Hopping on the bandwagon to bash #climatechange defeatism is nice, but I think a more useful exercise is to ask *why* people believe that 'failure' to mitigate is a foregone conclusion. Why do my smart, well-meaning friends sigh and ask me if I *really* think we can cut CO2? (1)
Is it just the fatalism of the post-9/11 world? We passed the 18th anniv. of war in Afghanistan last mo., the Syrian civil war is in its ninth year. Unarmed civilians are being gunned down in Chile + Iraq, government brutality is on public display in Lebanon and Hong Kong... (2)
We wonder if our elections and elected officials have been compromised by foreign influence and have ceased to be surprised by political corruption.

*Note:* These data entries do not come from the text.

(* Let $J-CI=L^{(1)}\cdots L^{(p)}U$ be a Darboux factorization and, for each $j=0,1,\ldots,p$, let $\nu^{(j)}=(\nu^{(j)}_1,\ldots,\nu^{(j)}_p)$ be a vector of $p$-orthogonality for $\{P^{(j)}_n\}$. Then for each $j=0,1,\ldots,p-1$: (a) $\big(\nu^{(j+1)}_1,\ldots,\nu^{(j+1)}_{p-1},\,(z-C)\nu^{(j)}_1\big)$ is a vector of $p$-orthogonality for $\{P^{(j+1)}_n\}$; (b) $\big(\nu^{(j)}_1,\,\nu^{(j+1)}_1,\ldots,\nu^{(j+1)}_{p-1}\big)$ is a vector of $p$-orthogonality for $\{P^{(j)}_n\}$.
   Context: Fix $p\in\mathbb{N}$. Let $J=(a_{n,m})_{n,m\ge0}$ be an infinite matrix with $a_{n,n+1}=1$, $a_{n,m}=0$ for $m>n+1$ or $m<n-p$, and $a_{n+p,n}\neq0$ for all $n\ge0$. Define polynomials by $P_{-p}=\cdots=P_{-1}=0$, $P_0\equiv1$, $P_{n+1}(z)=(z-a_{n,n})P_n(z)-\sum_{i=1}^p a_{n,n-i}P_{n-i}(z)$ for $n\ge0$. Fix $C\in\mathbb{C}$ with $P_n(C)\neq0$ for all $n\ge1$. A Darboux factorization of $J-CI$ is a factorization $J-CI=L^{(1)}L^{(2)}\cdots L^{(p)}U$ where, indexing rows and columns by $1,2,\ldots$, $U$ is upper bidiagonal with $U_{k,k}=\gamma_{(k-1)(p+1)+1}$, $U_{k,k+1}=1$, and for $j=1,\ldots,p$, $L^{(j)}$ is lower bidiagonal with ones on the diagonal and $L^{(j)}_{k+1,k}=\gamma_{(k-1)(p+1)+j+1}\neq0$ for all $k\ge1$ (the $\gamma_i$ being complex numbers). Its Darboux transformations are $J^{(j)}=CI+L^{(j+1)}\cdots L^{(p)}UL^{(1)}\cdots L^{(j)}$, $j=1,\ldots,p$; also $J^{(0)}:=J$. Each $J^{(j)}$ is lower Hessenberg with ones on the superdiagonal, and $\{P^{(j)}_n\}_{n\ge0}$ denotes the unique sequence of polynomials with $P^{(j)}_0\equiv1$ such that $v^{(j)}(z)=(P^{(j)}_0(z),P^{(j)}_1(z),\ldots)^T$ satisfies $J^{(j)}v^{(j)}(z)=zv^{(j)}(z)$; $P^{(0)}_n=P_n$. A vector of $p$-orthogonality for a sequence of polynomials $\{Q_n\}$ is a vector $(\nu_1,\ldots,\nu_p)$ of linear functionals on polynomials with, for each $r=1,\ldots,p$ and $k=0,1,\ldots$: $\nu_r[z^kQ_n]=0$ for all $n\ge kp+r$, and $\nu_r[z^kQ_{kp+r-1}]\neq0$. For a functional $\mu$, $(z-C)\mu$ is the functional $q\mapsto\mu[(z-C)q]$. *)

From HB Require Import structures.
From mathcomp Require Import all_boot all_order all_algebra.
Set Implicit Arguments. Unset Strict Implicit. Unset Printing Implicit Defensive.
Import Order.TTheory GRing.Theory Num.Theory.
Local Open Scope ring_scope.

Section Defs.
Variable R : fieldType.

(* Infinite matrices are functions nat -> nat -> R, indexed from 0
   (paper's row/column k is our k-1). *)
Definition infmx := nat -> nat -> R.

(* Product of infinite matrices A*B, valid (equal to the true, finite-sum
   product) whenever row i of A vanishes beyond column i+1, which holds for
   every left factor used below (lower bidiagonal L's, L..LU, L..LUL..L). *)
Definition mulinf (A B : infmx) : infmx :=
  fun i k => \sum_(m < i.+2) A i m * B m k.

Definition Umat (gamma : nat -> R) (p : nat) : infmx :=
  fun i k => if k == i then gamma (i * p.+1 + 1)%N
             else if k == i.+1 then 1 else 0.

Definition Lmat (gamma : nat -> R) (p j : nat) : infmx :=
  fun i k => if i == k then 1
             else if i == k.+1 then gamma (k * p.+1 + j + 1)%N else 0.

Definition LU (gamma : nat -> R) (p j : nat) : infmx :=
  foldr (fun l M => mulinf (Lmat gamma p l) M) (Umat gamma p) (iota j (p.+1 - j)).

(* J^{(j)} = C I + L^{(j+1)} ... L^{(p)} U L^{(1)} ... L^{(j)} for 1 <= j,
   and J^{(0)} = J. *)
Definition Jdarb (J : infmx) (gamma : nat -> R) (p : nat) (C : R) (j : nat)
  : infmx :=
  if j == 0%N then J else
  fun i k => (i == k)%:R * C
    + foldl (fun M l => mulinf M (Lmat gamma p l)) (LU gamma p j.+1) (iota 1 j) i k.

Definition lfun (mu : {poly R} -> R) : Prop :=
  forall (a : R) (x y : {poly R}), mu (a *: x + y) = a * mu x + mu y.

Definition shiftf (C : R) (mu : {poly R} -> R) : {poly R} -> R :=
  fun q => mu (('X - C%:P) * q).

Definition p_orth (p : nat) (nu : nat -> {poly R} -> R) (Q : nat -> {poly R})
  : Prop :=
  forall r, (1 <= r <= p)%N ->
    [/\ lfun (nu r),
        (forall k n, (k * p + r <= n)%N -> nu r ('X^k * Q n) = 0) &
        (forall k, nu r ('X^k * Q (k * p + r - 1)%N) != 0)].

Definition vec_a (p : nat) (C : R) (nuj nuj1 : nat -> {poly R} -> R)
  : nat -> {poly R} -> R :=
  fun r => if (r < p)%N then nuj1 r else shiftf C (nuj 1%N).

Definition vec_b (nuj nuj1 : nat -> {poly R} -> R) : nat -> {poly R} -> R :=
  fun r => if r == 1%N then nuj 1%N else nuj1 r.-1.

End Defs.

From mathcomp Require Import all_boot all_order all_algebra.
From mathcomp Require Import zify.
From Stdlib Require Import FunctionalExtensionality.
Set Implicit Arguments. Unset Strict Implicit. Unset Printing Implicit Defensive.
Import Order.TTheory GRing.Theory Num.Theory.
Local Open Scope ring_scope.

(* Reading p-orthogonality of nu_r as "the functional q |-> nu_r(z^k q)
   vanishes on Q_n exactly from n = kp + r on", the theorem becomes a
   statement about how such vanishing indices move along the relations
     P^(j) = L^(j+1) P^(j+1),
     (z - C) P^(j+1) = L^(j+2) ... L^(p) U L^(1) ... L^(j) P^(j).
   Both follow from the eigenvector equations, since J^(j) - C I and
   J^(j+1) - C I differ by moving L^(j+1) from the front to the back, and an
   eigenvector of a Hessenberg matrix with unit superdiagonal is determined by
   its first entry.  A lower bidiagonal factor with nonzero subdiagonal raises
   an exact vanishing index by one, and U, whose diagonal is nonzero, keeps it;
   so the index kp + r - 1 of nu^(j+1)_(r-1) becomes kp + r for P^(j), and the
   index kp + 1 of nu^(j)_1 becomes kp + p for (z - C) P^(j+1). *)

Lemma iota1S j : iota 1 j.+1 = iota 1 j ++ [:: j.+1].
Proof. by rewrite -[j.+1]addn1 iotaD addnC. Qed.

Section InfiniteMatrixAction.
Variable R : fieldType.
Implicit Types (A B : infmx R) (v x y : nat -> {poly R}).

Definition mulinfv A v : nat -> {poly R} := fun i => \sum_(m < i.+2) A i m *: v m.

Definition lower_hessenberg A := forall m k, (m.+1 < k)%N -> A m k = 0.

Definition zero_below v n := forall m, (m < n)%N -> v m = 0.

Lemma big_ord_widen0 (n N : nat) (f : nat -> {poly R}) :
  (n <= N)%N -> (forall l, (n <= l < N)%N -> f l = 0) ->
  \sum_(l < n) f l = \sum_(l < N) f l.
Proof.
move=> leNn f0; rewrite (big_ord_widen N f leNn) big_mkcond /=.
apply: eq_bigr => l _; case: ifPn => // /negbTE hl.
by rewrite f0 // ltn_ord andbT leqNgt hl.
Qed.

(* The entry (i, i+2) of [mulinf A B], which [mulinfv] ignores, is
   [A i i.+1 * B i.+1 i.+2]. *)
Lemma mulinfvA A B v i :
  lower_hessenberg B -> (forall i, A i i.+1 * B i.+1 i.+2 = 0) ->
  mulinfv (mulinf A B) v i = mulinfv A (mulinfv B v) i.
Proof.
move=> hB hAB; rewrite /mulinfv /mulinf.
have -> : \sum_(m < i.+2) A i m *: (\sum_(l < m.+2) B m l *: v l)
   = \sum_(m < i.+2) \sum_(l < i.+3) (A i m * B m l) *: v l.
  apply: eq_bigr => m _; rewrite scaler_sumr.
  rewrite (@big_ord_widen0 m.+2 i.+3 (fun l => A i m *: (B m l *: v l))).
  - by apply: eq_bigr => l _; rewrite scalerA.
  - by have := ltn_ord m.
  - by move=> l /andP[hl _]; rewrite hB ?scale0r ?scaler0.
rewrite [RHS]exchange_big /= [RHS]big_ord_recr /=.
rewrite [X in _ = _ + X](_ : _ = 0) ?addr0; last first.
  rewrite -scaler_suml big_ord_recr /= hAB addr0.
  by rewrite big1 ?scale0r // => m _; rewrite hB ?mulr0 //; have := ltn_ord m.
by apply: eq_bigr => l _; rewrite scaler_suml.
Qed.

Lemma mulinfvD A B v i :
  mulinfv (fun i k => A i k + B i k) v i = mulinfv A v i + mulinfv B v i.
Proof. by rewrite /mulinfv -big_split; apply: eq_bigr => m _; rewrite scalerDl. Qed.

Lemma mulinfv_scalar (C : R) v i :
  mulinfv (fun i k => (i == k)%:R * C) v i = C *: v i.
Proof.
rewrite /mulinfv big_ord_recr big_ord_recr /= big1 ?add0r; last first.
  by move=> k _; rewrite (gtn_eqF (ltn_ord k)) mul0r scale0r.
by rewrite eqxx (ltn_eqF (ltnSn i)) mul0r scale0r addr0 mul1r.
Qed.

Lemma mulinfv_mull A (q : {poly R}) v i :
  mulinfv A (fun m => q * v m) i = q * mulinfv A v i.
Proof. by rewrite /mulinfv mulr_sumr; apply: eq_bigr => m _; rewrite scalerAr. Qed.

Lemma mulinfvB A x y :
  mulinfv A (fun m => x m - y m) = (fun i => mulinfv A x i - mulinfv A y i).
Proof.
apply: functional_extensionality => i.
by rewrite /mulinfv -sumrB; apply: eq_bigr => m _; rewrite scalerBr.
Qed.

Lemma mulinfv_delta A i n :
  (i < n.+2)%N -> mulinfv A (fun m => (m == i)%:R) n = (A n i)%:P.
Proof.
move=> hi; rewrite /mulinfv (bigD1 (Ordinal hi)) //= eqxx -alg_polyC.
rewrite big1 ?addr0 // => m /negbTE m_neq_i.
by rewrite -[i]/(nat_of_ord (Ordinal hi)) val_eqE m_neq_i scaler0.
Qed.

End InfiniteMatrixAction.

Section LinearFunctionals.
Variable R : fieldType.
Implicit Types (phi : {poly R} -> R) (e : nat -> {poly R}).

Lemma lfun0 phi : lfun phi -> phi 0 = 0.
Proof.
move=> h; have := h 1 0 0; rewrite scale1r addr0 mul1r -{1}[phi 0]addr0.
by move=> /addrI <-.
Qed.

Lemma lfunD phi x y : lfun phi -> phi (x + y) = phi x + phi y.
Proof. by move=> h; have := h 1 x y; rewrite scale1r mul1r. Qed.

Lemma lfunZ phi a x : lfun phi -> phi (a *: x) = a * phi x.
Proof. by move=> h; have := h a x 0; rewrite addr0 (lfun0 h) addr0. Qed.

Lemma lfun_mull phi q : lfun phi -> lfun (fun x => phi (q * x)).
Proof. by move=> h a x y; rewrite mulrDr -scalerAr h. Qed.

Lemma lfun_coef0 : lfun (fun q : {poly R} => q`_0).
Proof. by move=> a x y; rewrite coefD coefZ. Qed.

Definition vanishes_from phi e t := forall m, (t <= m)%N -> phi (e m) = 0.

Definition vanishes_exactly_from phi e t :=
  vanishes_from phi e t /\ phi (e t.-1) != 0.

Lemma eq_vanishes_exactly_from phi psi e f t :
  (forall m, phi (e m) = psi (f m)) ->
  vanishes_exactly_from phi e t -> vanishes_exactly_from psi f t.
Proof. by move=> ef [he het]; split=> [m hm|]; rewrite -ef //; exact: he. Qed.

Section OrthogonalityConditions.
Variables (p r : nat) (nu : {poly R} -> R) (Q : nat -> {poly R}).

Lemma vanishes_exactly_from_orth :
  (forall k n, (k * p + r <= n)%N -> nu ('X^k * Q n) = 0) ->
  (forall k, nu ('X^k * Q (k * p + r - 1)%N) != 0) ->
  forall k, vanishes_exactly_from (fun q => nu ('X^k * q)) Q (k * p + r).
Proof. by move=> hv hn k; split=> [n|]; [exact: hv | rewrite -subn1]. Qed.

Lemma orth_of_vanishes_exactly_from :
  lfun nu ->
  (forall k, vanishes_exactly_from (fun q => nu ('X^k * q)) Q (k * p + r)) ->
  [/\ lfun nu, forall k n, (k * p + r <= n)%N -> nu ('X^k * Q n) = 0 &
      forall k, nu ('X^k * Q (k * p + r - 1)%N) != 0].
Proof.
move=> hnu hQ; split=> // [k n|k]; have [hv hn] := hQ k; first exact: hv.
by rewrite subn1.
Qed.

End OrthogonalityConditions.

End LinearFunctionals.

Section DarbouxFactors.
Variables (R : fieldType) (gamma : nat -> R) (p : nat).
Implicit Types (phi : {poly R} -> R) (v e x y : nat -> {poly R}).

Local Notation U := (Umat gamma p).
Local Notation L := (Lmat gamma p).

Lemma Umat_hessenberg : lower_hessenberg U.
Proof. by move=> m k hk; rewrite /Umat ifN ?ifN //; apply/eqP; lia. Qed.

Lemma Lmat_superdiag l i : L l i i.+1 = 0.
Proof. by rewrite /Lmat ifN ?ifN //; apply/eqP; lia. Qed.

Lemma Lmat_hessenberg l : lower_hessenberg (L l).
Proof. by move=> m k hk; rewrite /Lmat ifN ?ifN //; apply/eqP; lia. Qed.

Lemma mulinf_Lmat_hessenberg l M :
  lower_hessenberg M -> lower_hessenberg (mulinf (L l) M).
Proof.
move=> hM m k hk; rewrite /mulinf big1 // => i _.
case: (ltnP (nat_of_ord i) m.+1) => him; first by rewrite hM ?mulr0 //; lia.
by rewrite /Lmat ifN ?ifN ?mul0r //; apply/eqP; have := ltn_ord i; lia.
Qed.

Lemma mulinfv_Umat e m :
  mulinfv U e m = gamma (m * p.+1 + 1)%N *: e m + e m.+1.
Proof.
rewrite /mulinfv big_ord_recr big_ord_recr /= /Umat.
rewrite big1 ?add0r; last first.
  by move=> k _; rewrite ifN ?ifN ?scale0r //; apply/eqP; have := ltn_ord k; lia.
by rewrite eqxx ifN ?eqxx ?scale1r //; apply/eqP; lia.
Qed.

Storms batter Puerto Rico this time, or the Philippines, fires burn Greece and CA (3)
With all this in mind, I don't think #climatechange defeatism is born primarily out of ignorance, genuine nihilism, or contrarianism. Rather, its safe to say that people are fatigued and hopeless, and don't feel enough optimism about human nature and the state of the world (4)
This is where I think climate catastrophism fails us. Sounding alarm on a (misleading) 12-year climate deadline, carbon footprint guilt tripping, prophesying extinction - it mobilizes the climate base, bless our martyr tendencies - but you can't demand emotional energy... (5)

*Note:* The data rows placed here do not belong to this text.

(* Assume the standing setting described in the context (in particular Conditions (I), (II), (III)). Let $y\in\mathbb{R}$ satisfy $g(y)>0$, and let $(\widehat{Y}_1(y),\widehat{Y}_2(y))\in\mathbb{K}_1^*\times\mathbb{K}_2^*$ be an optimal solution of the minimization problem defining $g(y)$. Then $$y-\rho\, g(y)\;\le\; y+\rho\,\tilde t\big(y,\widehat{Y}_2(y)\big)\;\le\; y^*.$$
   Context: Setting: $\mathbb{V}$ is a finite Cartesian product of spaces of real symmetric matrices, with the trace inner product $\langle X,Y\rangle$ and norm $\|X\|=\sqrt{\langle X,X\rangle}$; $I$ denotes the identity element of $\mathbb{V}$ and, for $A\in\mathbb{V}$, $\lambda_{\min}(A)$ ($\lambda_{\max}(A)$) is the smallest (largest) eigenvalue over all blocks. $\mathbb{K}_1$ is the cone of positive semidefinite elements of $\mathbb{V}$ (so $\mathbb{K}_1^*=\mathbb{K}_1$), $\mathbb{K}_2\subseteq\mathbb{V}$ is a closed convex cone, and for a cone $\mathbb{J}$, $\mathbb{J}^*=\{Y:\langle X,Y\rangle\ge0\ \forall X\in\mathbb{J}\}$. Condition (II): $(\mathbb{K}_1\cap\mathbb{K}_2)^*=\mathbb{K}_1^*+\mathbb{K}_2^*$. Given $Q,H\in\mathbb{V}$, consider the primal problem $\varphi^*=\inf\{\langle Q,X\rangle: X\in\mathbb{K}_1\cap\mathbb{K}_2,\ \langle H,X\rangle=1\}$ and its dual $y^*=\sup\{y: Q-Hy=Y_1+Y_2,\ Y_1\in\mathbb{K}_1^*,\ Y_2\in\mathbb{K}_2^*\}$. Condition (I): the primal problem is feasible and $H\in\mathbb{K}_1^*+\mathbb{K}_2^*$. Condition (III): a number $\rho>0$ is known such that $\langle I,X\rangle\le\rho$ for every feasible $X$ of the primal problem. Define $G(y)=Q-Hy$, and $$g(y)=\min\{\|G(y)-(Y_1+Y_2)\|: Y_1\in\mathbb{K}_1^*,\ Y_2\in\mathbb{K}_2^*\}.$$ For $y\in\mathbb{R}$ and $Y_2\in\mathbb{K}_2^*$, define $\tilde t(y,Y_2)=\min\{0,\lambda_{\min}(G(y)-Y_2)\}$. *)

From Stdlib Require Import Reals ClassicalEpsilon.
From mathcomp Require Import all_boot all_algebra.
Set Implicit Arguments. Unset Strict Implicit. Unset Printing Implicit Defensive.
Open Scope R_scope.

Section Space.
(* V = S^{n 0} x ... x S^{n (k-1)} ; an element is a k-tuple of square real matrices,
   the symmetric ones forming V (predicate symV). *)
Variables (k : nat) (n : 'I_k -> nat).

Definition mkM (m : nat) (f : 'I_m -> 'I_m -> R) : 'M[R]_m :=
  matrix_of_fun matrix_key f.

Definition Vt := forall i : 'I_k, 'M[R]_(n i).

Definition symV (X : Vt) : Prop := forall i a b, X i a b = X i b a.

Definition vzero : Vt := fun i => mkM (fun a b => 0).
Definition vI : Vt := fun i => mkM (fun a b => if a == b then 1 else 0).
Definition vadd (X Y : Vt) : Vt := fun i => mkM (fun a b => X i a b + Y i a b).
Definition vsub (X Y : Vt) : Vt := fun i => mkM (fun a b => X i a b - Y i a b).
Definition vscale (c : R) (X : Vt) : Vt := fun i => mkM (fun a b => c * X i a b).

(* trace inner product <X,Y> = sum_i tr(X_i Y_i) (= sum of entrywise products for
   symmetric blocks); written entrywise as sum_i sum_{a,b} X_i(a,b) Y_i(a,b) *)
Definition inner (X Y : Vt) : R :=
  \big[Rplus/0]_(i < k) \big[Rplus/0]_(a < n i) \big[Rplus/0]_(b < n i) (X i a b * Y i a b).

Definition vnorm (X : Vt) : R := sqrt (inner X X).

Definition is_eigenvalue (X : Vt) (l : R) : Prop :=
  exists (i : 'I_k) (v : 'I_(n i) -> R), (exists a, v a <> 0) /\
    forall a, \big[Rplus/0]_(b < n i) (X i a b * v b) = l * v a.

Definition is_lambda_min (X : Vt) (l : R) : Prop :=
  is_eigenvalue X l /\ forall l', is_eigenvalue X l' -> l <= l'.

Definition lambda_min (X : Vt) : R := epsilon (inhabits 0) (is_lambda_min X).

Definition psd (X : Vt) : Prop :=
  symV X /\ forall (i : 'I_k) (v : 'I_(n i) -> R),
    0 <= \big[Rplus/0]_(a < n i) \big[Rplus/0]_(b < n i) (v a * X i a b * v b).

Definition dual (J : Vt -> Prop) (Y : Vt) : Prop :=
  symV Y /\ forall X, J X -> 0 <= inner X Y.

Definition cap (J1 J2 : Vt -> Prop) (X : Vt) : Prop := J1 X /\ J2 X.

Definition msum (J1 J2 : Vt -> Prop) (Y : Vt) : Prop :=
  exists Y1 Y2, J1 Y1 /\ J2 Y2 /\ Y = vadd Y1 Y2.

Definition closed_convex_cone (K : Vt -> Prop) : Prop :=
  (forall X, K X -> symV X) /\
  K vzero /\
  (forall X Y, K X -> K Y -> K (vadd X Y)) /\
  (forall c X, 0 <= c -> K X -> K (vscale c X)) /\
  (forall X, symV X -> ~ K X ->
     exists eps, 0 < eps /\ forall Z, symV Z -> vnorm (vsub Z X) < eps -> ~ K Z).

End Space.

From Stdlib Require Import Reals ClassicalEpsilon Lra.
From mathcomp Require Import all_boot all_order all_algebra.
From mathcomp Require Import Rstruct.
Set Implicit Arguments. Unset Strict Implicit. Unset Printing Implicit Defensive.
Open Scope R_scope.

(* Lemma 3.3:  y - rho g(y) <= y + rho t <= y*,  where M := G(y) - Y2 and t := min(0, lmin(M)).
   - Left inequality.  If v is an eigenvector of M for l := lmin(M) and vv^T the rank-one psd
     element it spans, then l|v|^2 = <vv^T, M> = <vv^T, Y1> + <vv^T, G(y) - Y1 - Y2>, where the
     first term is >= 0 because Y1 is in K1^* and the second is >= -|v|^2 g(y) by Cauchy-Schwarz
     (||vv^T|| = |v|^2).  So -g(y) <= t.  Only feasibility of (Y1, Y2) is used, not optimality.
   - Right inequality.  As t <= lmin(M), M - tI is psd, so <X, M - tI> >= 0 for psd X (Fejer's
     theorem); Conditions (I)-(III) give <I, X> <= rho <X, H> on K1 /\ K2, and t <= 0, hence
     <X, G(y + rho t)> >= 0 there: by Condition (II), y + rho t is dual feasible, so it is below y*. *)

Notation "\S_ ( i < m ) F" := (\big[Rplus/0]_(i < m) F)
  (at level 36, F at level 36, i, m at level 50).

...from those who have precious little to spare as it is. The inactive are *not* indifferent, they're just paralyzed by sadness, and catastrophism hurts rather than helps with this. People barely holding together as it is have no room for more guilt, panic, and worry (6)
I'm speaking as a lifelong activist with frontline experience. Arrested alongside @billmckibben protesting #KeystonePipeline in March '14. Spent the last nine years calling out to smart, young fellow students on univ. quads for petition signatures, recruitment, calls to reps (7)

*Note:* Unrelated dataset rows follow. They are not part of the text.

(* Consider the full-duplex (FD) two-stage relay selection (TRS) scheme described in the context, with $\varpi=1$, thresholds $\gamma_{th_j}=2^{R_{D_j}}-1$ for $j=1,2$, and power coefficients satisfying $0<a_1<a_2$, $a_1+a_2=1$, $a_2>a_1\gamma_{th_2}$. Then its diversity order is zero: $$-\lim_{\rho\to\infty}\frac{\log P_{TRS}^{FD}(\rho)}{\log\rho}=0 .$$
   Context: Network model. A base station (BS) is at the origin of the plane. There are $K\ge 1$ relays $R_1,\dots,R_K$ whose positions are i.i.d. uniformly distributed in the disc of radius $R_{\mathcal D}>0$ centred at the origin; $d_{SR_i}$ is the distance from the BS to $R_i$. Two users $D_1,D_2$ are at fixed points of the plane at distances $d_1,d_2>0$ from the BS, and $d_{R_iD_j}$ is the Euclidean distance between $R_i$ and $D_j$. Let $\alpha>0$ be the path loss exponent. The random variables $g_{SR_i}$, $g_{R_iD_1}$, $g_{R_iD_2}$ ($i=1,\dots,K$) are exponentially distributed with mean $1$ (squared magnitudes of $\mathcal{CN}(0,1)$ Rayleigh coefficients), $Z_i$ is exponentially distributed with mean $\Omega_{LI}>0$ (loop-interference gain at $R_i$), and all of these are mutually independent and independent of the relay positions. Put $X_i=g_{SR_i}/(1+d_{SR_i}^\alpha)$ and $Y_{ji}=g_{R_iD_j}/(1+d_{R_iD_j}^\alpha)$. Let $\rho>0$ be the transmit SNR, $a_1,a_2$ power allocation coefficients, and $\varpi\in\{0,1\}$ the duplex factor. Define $\gamma_{D_2\to R_i}=\frac{\rho X_i a_2}{\rho X_i a_1+\rho\varpi Z_i+1}$, $\gamma_{D_1\to R_i}=\frac{\rho X_i a_1}{\rho\varpi Z_i+1}$, $\gamma^{(i)}_{D_2\to D_1}=\frac{\rho Y_{1i}a_2}{\rho Y_{1i}a_1+1}$, $\gamma^{(i)}_{D_1}=\rho Y_{1i}a_1$, $\gamma^{(i)}_{D_2}=\frac{\rho Y_{2i}a_2}{\rho Y_{2i}a_1+1}$. Target rates $R_{D_1},R_{D_2}>0$ are given; in FD mode $\varpi=1$ and $\gamma_{th_j}=2^{R_{D_j}}-1$. TRS scheme: let $S=\{i: \gamma_{D_2\to R_i}\ge\gamma_{th_2},\ \gamma^{(i)}_{D_2\to D_1}\ge\gamma_{th_2},\ \gamma^{(i)}_{D_2}\ge\gamma_{th_2}\}$. The outage event is that either $S=\emptyset$, or $S\neq\emptyset$ and $\max_{i\in S}\min\{\gamma_{D_1\to R_i},\gamma^{(i)}_{D_1}\}<\gamma_{th_1}$; $P_{TRS}(\rho)$ is its probability, and $P_{TRS}^{FD}$ denotes it in FD mode. *)

From HB Require Import structures.
From mathcomp Require Import all_boot all_order all_algebra.
From mathcomp Require Import all_classical all_reals all_analysis.
Set Implicit Arguments. Unset Strict Implicit. Unset Printing Implicit Defensive.
Import Order.TTheory GRing.Theory Num.Theory.
Import numFieldNormedType.Exports.
Local Open Scope classical_set_scope.
Local Open Scope ring_scope.

(** Mutual independence of a finite family of classes of events:
    for every choice of one event per class, the probability of the
    intersection is the product of the probabilities (taking [setT]
    in some classes gives the product rule for every subfamily). *)
Definition indep_classes (R : realType) (d : measure_display)
  (T : measurableType d) (P : probability T R) (J : finType)
  (E : J -> set (set T)) : Prop :=
  forall A : J -> set T, (forall j, E j (A j)) ->
    P (\bigcap_(j in [set: J]) A j) = (\prod_(j : J) P (A j))%E.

"12 years to save the climate" has galvanized protests of inspiring size and passion around the world, but I worry that's the high water mark for a movement fixated on the language of disaster. Disaster is exhausting to think about - even writing this is draining. (8)
I feel the focus needs to shift. People are disengaged and pessimistic because they have little confidence in government and their individual ability to change things. Fixing this requires prioritizing restoration of people's faith in political process + society (9)
This starts at the tactical, short-term level. Begin by targeting repair of the democratic process, fighting corruption and influence, enforcing accountability for misconduct. Restore people's confidence that their voice matters and that gov't works to serve them. (10)
At the same time, we start seriously planning now. A detailed roadmap - and focusing advocacy around planning and specific action - can show the disengaged that attainable paths towards a better future exist. Your voice matters + we have a way out of this = heads lift up. (11)
Finally (and I'm likely advocating in vain), junk the 12-year climate deadline. Not only a misrepresentation of the science (nature.com/articles/s4155…), but it makes climate chg into a bleak all-or-nothing binary future rather than the (nonlinear) sliding scale it is. (12)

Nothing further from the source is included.